BEIRUT (AP) — With a spectacular jail break in Syria and a deadly attack on an army barracks in Iraq, the Islamic State group was back in the headlines the past week, a reminder of a war that formally ended three years ago but continues to be fought mostly away from view.

The attacks were some of the boldest since the extremist group lost its last sliver of territory in 2019 with the help of a U.S.-led international coalition, following a years-long war that left much of Iraq and Syria in ruins.

Residents in both countries say the recent high-profile IS operations only confirmed what they’ve known and feared for months: Economic collapse, lack of governance and growing ethnic tensions in the impoverished region are reversing counter-IS gains, allowing the group to threaten parts of its former so-called caliphate once again.

One Syrian man said that over the past few years, militants repeatedly carried out attacks in his town of Shuheil, a former IS stronghold in eastern Syria’s Deir el-Zour province. They hit members of the Kurdish-led security force or the local administration — then vanished

“We would think it is over and they’re not coming back. Then suddenly, everything turns upside down again,” he said.

They are “everywhere,” he said, striking quickly and mostly in the dark, creating the aura of a stealth omnipresent force. He spoke on condition of anonymity out of fear for his safety.

IS lost its last patch of territory near Baghouz in eastern Syria in March 2019. Since that time, it largely went underground and waged a low-level insurgency, including roadside bombings, assassinations and hit-and-run attacks mostly targeting security forces. In eastern Syria, the militants carried out some 342 operations over the last year, many of them attacks on Kurdish-led forces, according to the Britain-based Syrian Observatory for Human Rights.

The Jan. 20 prison break in Syria’s Hassakeh region was its most sophisticated operation yet.

The militants stormed the prison aiming to break out thousands of comrades, some of whom simultaneously rioted inside. The attackers allowed some inmates to escape, took hostages, including child detainees, and battled the Kurdish-led Syrian Democratic Forces for a week. It was not clear how many militants managed to escape, and some remain holed up in the prison.

The fighting killed dozens and drew in the U.S.-led coalition, which carried out airstrikes and deployed American personnel in Bradley Fighting Vehicles to the scene. The battle also drove thousands of neighboring civilians from their homes.

It harkened back to a series of jail breaks that fueled IS’s surge more than eight years ago, when they overwhelmed territory in Iraq and Syria.

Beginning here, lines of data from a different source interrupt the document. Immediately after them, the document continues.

(* (1) For $\mathcal{T}\in\mathbb{T}_k$, $\mathcal{T}'\in\mathbb{T}_l$, $$R_{\mathcal{T}}.R_{\mathcal{T}'}=\sum_{\substack{\mathcal{T}''\in\mathbb{T}_{k+l}\\ \mathcal{T}''_{\mid[k]}=\mathcal{T},\ \mathrm{Std}(\mathcal{T}''_{\mid[k+l]\setminus[k]})=\mathcal{T}'}}R_{\mathcal{T}''}.$$ (2) For $\mathcal{T}\in\mathbb{T}_k$, $\mathcal{T}'\in\mathbb{T}_l$, $$R_{\mathcal{T}}\downarrow R_{\mathcal{T}'}=\sum_{\substack{\mathcal{T}''\in\mathbb{T}_{k+l}\\ \mathcal{T}''_{\mid[k]}=\mathcal{T},\ \mathrm{Std}(\mathcal{T}''_{\mid[k+l]\setminus[k]})=\mathcal{T}',\\ [k]\leq_{\mathcal{T}''}[k+l]\setminus[k]}}R_{\mathcal{T}''}.$$ (3) For $\mathcal{T}\in\mathbb{T}_n$, $$\Delta(R_{\mathcal{T}})=\sum_{\substack{O\in\mathcal{T}\\ [n]\setminus O<_{\mathcal{T}}O}}R_{\mathrm{Std}(\mathcal{T}_{\mid[n]\setminus O})}\otimes R_{\mathrm{Std}(\mathcal{T}_{\mid O})}.$$
   Context: Let $K$ be a field. For $n\geq0$, $[n]=\{1,\ldots,n\}$, $\mathbb{T}_n$ is the set of topologies on $[n]$, $\mathcal{H}_{\mathbb{T}}$ the $K$-vector space with basis $\bigsqcup_n\mathbb{T}_n$. For a topology $\mathcal{T}$ on finite $X$: $i\leq_{\mathcal{T}}j$ iff every open set containing $i$ contains $j$; $i<_{\mathcal{T}}j$ iff $i\leq_{\mathcal{T}}j$ and not $j\leq_{\mathcal{T}}i$. For $I,J\subseteq X$, $I\leq_{\mathcal{T}}J$ means $i\leq_{\mathcal{T}}j$ for all $i\in I,j\in J$, and $I<_{\mathcal{T}}J$ means $i<_{\mathcal{T}}j$ for all $i\in I,j\in J$ (vacuous if $I$ or $J$ is empty). For $Y\subseteq X$, $\mathcal{T}_{\mid Y}=\{O\cap Y\mid O\in\mathcal{T}\}$; if $X$ is totally ordered of size $m$, $\mathrm{Std}(\mathcal{T})\in\mathbb{T}_m$ is the transport along the increasing bijection $X\to[m]$. For $O\subseteq\mathbb{N}$, $O(+n)=\{k+n\mid k\in O\}$. Bilinear products: for $\mathcal{T}\in\mathbb{T}_n,\mathcal{T}'\in\mathbb{T}_{n'}$, $\mathcal{T}.\mathcal{T}'$ is the topology on $[n+n']$ with open sets $O\sqcup O'(+n)$, and $\mathcal{T}\downarrow\mathcal{T}'$ the topology with open sets $O\sqcup[n'](+n)$ and $O'(+n)$ ($O\in\mathcal{T},O'\in\mathcal{T}'$). Coproduct $\Delta(\mathcal{T})=\sum_{O\in\mathcal{T}}\mathrm{Std}(\mathcal{T}_{\mid[n]\setminus O})\otimes\mathrm{Std}(\mathcal{T}_{\mid O})$. $\mathbb{T}_n$ is partially ordered by refinement: $\mathcal{T}\leq\mathcal{T}'$ iff every open set of $\mathcal{T}$ is an open set of $\mathcal{T}'$. The ribbon basis $(R_{\mathcal{T}})$ of $\mathcal{H}_{\mathbb{T}}$ is defined by $\mathcal{T}=\sum_{\mathcal{T}'\in\mathbb{T}_n,\ \mathcal{T}'\leq\mathcal{T}}R_{\mathcal{T}'}$ for all $\mathcal{T}\in\mathbb{T}_n$, $n\geq0$ (equivalently via Möbius inversion). *)

From HB Require Import structures.
From mathcomp Require Import all_boot all_order all_algebra.
Set Implicit Arguments. Unset Strict Implicit. Unset Printing Implicit Defensive.
Import GRing.Theory.
Local Open Scope ring_scope.

(* A topology on [n] = 'I_n (0-based), given by its set of open sets. *)
Definition is_topology n (T : {set {set 'I_n}}) : bool :=
  [&& set0 \in T, setT \in T &
      [forall O1 in T, forall O2 in T, (O1 :|: O2 \in T) && (O1 :&: O2 \in T)]].

Definition topo n := {T : {set {set 'I_n}} | is_topology T}.
Definition opens n (T : topo n) : {set {set 'I_n}} := val T.

Definition tle n (T : topo n) (i j : 'I_n) : bool :=
  [forall O in opens T, (i \in O) ==> (j \in O)].
Definition tlt n (T : topo n) (i j : 'I_n) : bool := tle T i j && ~~ tle T j i.
Definition setle n (T : topo n) (I J : {set 'I_n}) : bool :=
  [forall i in I, forall j in J, tle T i j].
Definition setlt n (T : topo n) (I J : {set 'I_n}) : bool :=
  [forall i in I, forall j in J, tlt T i j].

Definition refines n (T T' : topo n) : bool := opens T \subset opens T'.

(* is_std T Y B  <=>  Std(T_|Y) = B, i.e. B is the transport of the restricted
   topology T_|Y = {O :&: Y | O in T} along the increasing bijection f : [m] -> Y. *)
Definition is_std n m (T : topo n) (Y : {set 'I_n}) (B : topo m) : bool :=
  [exists f : {ffun 'I_m -> 'I_n},
    [&& [forall i : 'I_m, forall j : 'I_m, (i < j)%N ==> (f i < f j)%N],
        f @: setT == Y &
        opens B == [set f @^-1: (O :&: Y) | O : {set 'I_n} in opens T]]].

(* Homogeneous component of degree n of H_T: K-linear combinations of T_n. *)
Notation Hdeg K n := {ffun topo n -> K}.

Definition basis (K : fieldType) n (T : topo n) : Hdeg K n :=
  [ffun X => (X == T)%:R].

Definition concat_opens k l (T : topo k) (T' : topo l) : {set {set 'I_(k + l)}} :=
  [set (lshift l @: O) :|: (@rshift k l @: O') | O : {set 'I_k} in opens T, O' : {set 'I_l} in opens T'].
Definition down_opens k l (T : topo k) (T' : topo l) : {set {set 'I_(k + l)}} :=
  [set (lshift l @: O) :|: (@rshift k l @: setT) | O : {set 'I_k} in opens T]
  :|: [set @rshift k l @: O' | O' : {set 'I_l} in opens T'].

Definition mulH (K : fieldType) k l (f : Hdeg K k) (g : Hdeg K l) : Hdeg K (k + l) :=
  [ffun X => \sum_(T : topo k) \sum_(T' : topo l)
              (opens X == concat_opens T T')%:R * f T * g T'].
Definition downH (K : fieldType) k l (f : Hdeg K k) (g : Hdeg K l) : Hdeg K (k + l) :=
  [ffun X => \sum_(T : topo k) \sum_(T' : topo l)
              (opens X == down_opens T T')%:R * f T * g T'].

(* Linear extension of the coproduct.  An element of H_T (x) H_T is represented by
   its coefficients on the basis A (x) B, A : topo i, B : topo j. *)
Definition coprodH (K : fieldType) n (f : Hdeg K n) (i j : nat) : {ffun topo i * topo j -> K} :=
  [ffun AB => \sum_(T : topo n) f T *
      (#|[set O in opens T | is_std T (~: O) AB.1 && is_std T O AB.2]|)%:R].

Definition tensH (K : fieldType) i j (f : Hdeg K i) (g : Hdeg K j) : {ffun topo i * topo j -> K} :=
  [ffun AB => f AB.1 * g AB.2].

(* Each identity is an equality between two functions of T (or of (T, T')) whose
   sums over everything below T in the refinement order agree; as the number of
   open sets strictly grows along refinement, this determines them.  Summing the
   left-hand side turns ribbons into basis elements.  The product T.T' (resp.
   T (down) T') of basis elements is the sum of the ribbons U lying below it,
   and U lies below it exactly when the restrictions of U to [k] and to its
   complement lie below T and T' (and, for (down), [k] <=_U its complement).
   For the coproduct, fix an open set O: the S <= T in which O is open and
   ~O <_S O correspond bijectively to pairs A <= T_|~O, B <= T_|O, the inverse
   map glueing A and B so that an open set meeting ~O must contain O. *)

From HB Require Import structures.
From mathcomp Require Import all_boot all_order all_algebra.
Import GRing.Theory.
Local Open Scope ring_scope.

Hours after the prison attack began, IS gunmen in Iraq broke into a barracks in mountains north of Baghdad, killed a guard and shot dead 11 soldiers as they slept. It was part of a recent uptick in attacks that have stoked fears the group is also gaining momentum in Iraq.

An Iraqi intelligence source said IS does not have the same sources of financing as in the past and is incapable of holding ground. “They are working as a very decentralized organization,” said the official, who spoke on condition of anonymity to discuss security information.

The group’s biggest operations are conducted by 7-10 militants, said Iraqi military spokesman Maj. Gen. Yehia Rasool. He said he believes it is currently impossible for IS to take over a village, let alone a city. In the summer of 2014, Iraqi forces collapsed and retreated when the militants overran vast swathes of northern Iraq.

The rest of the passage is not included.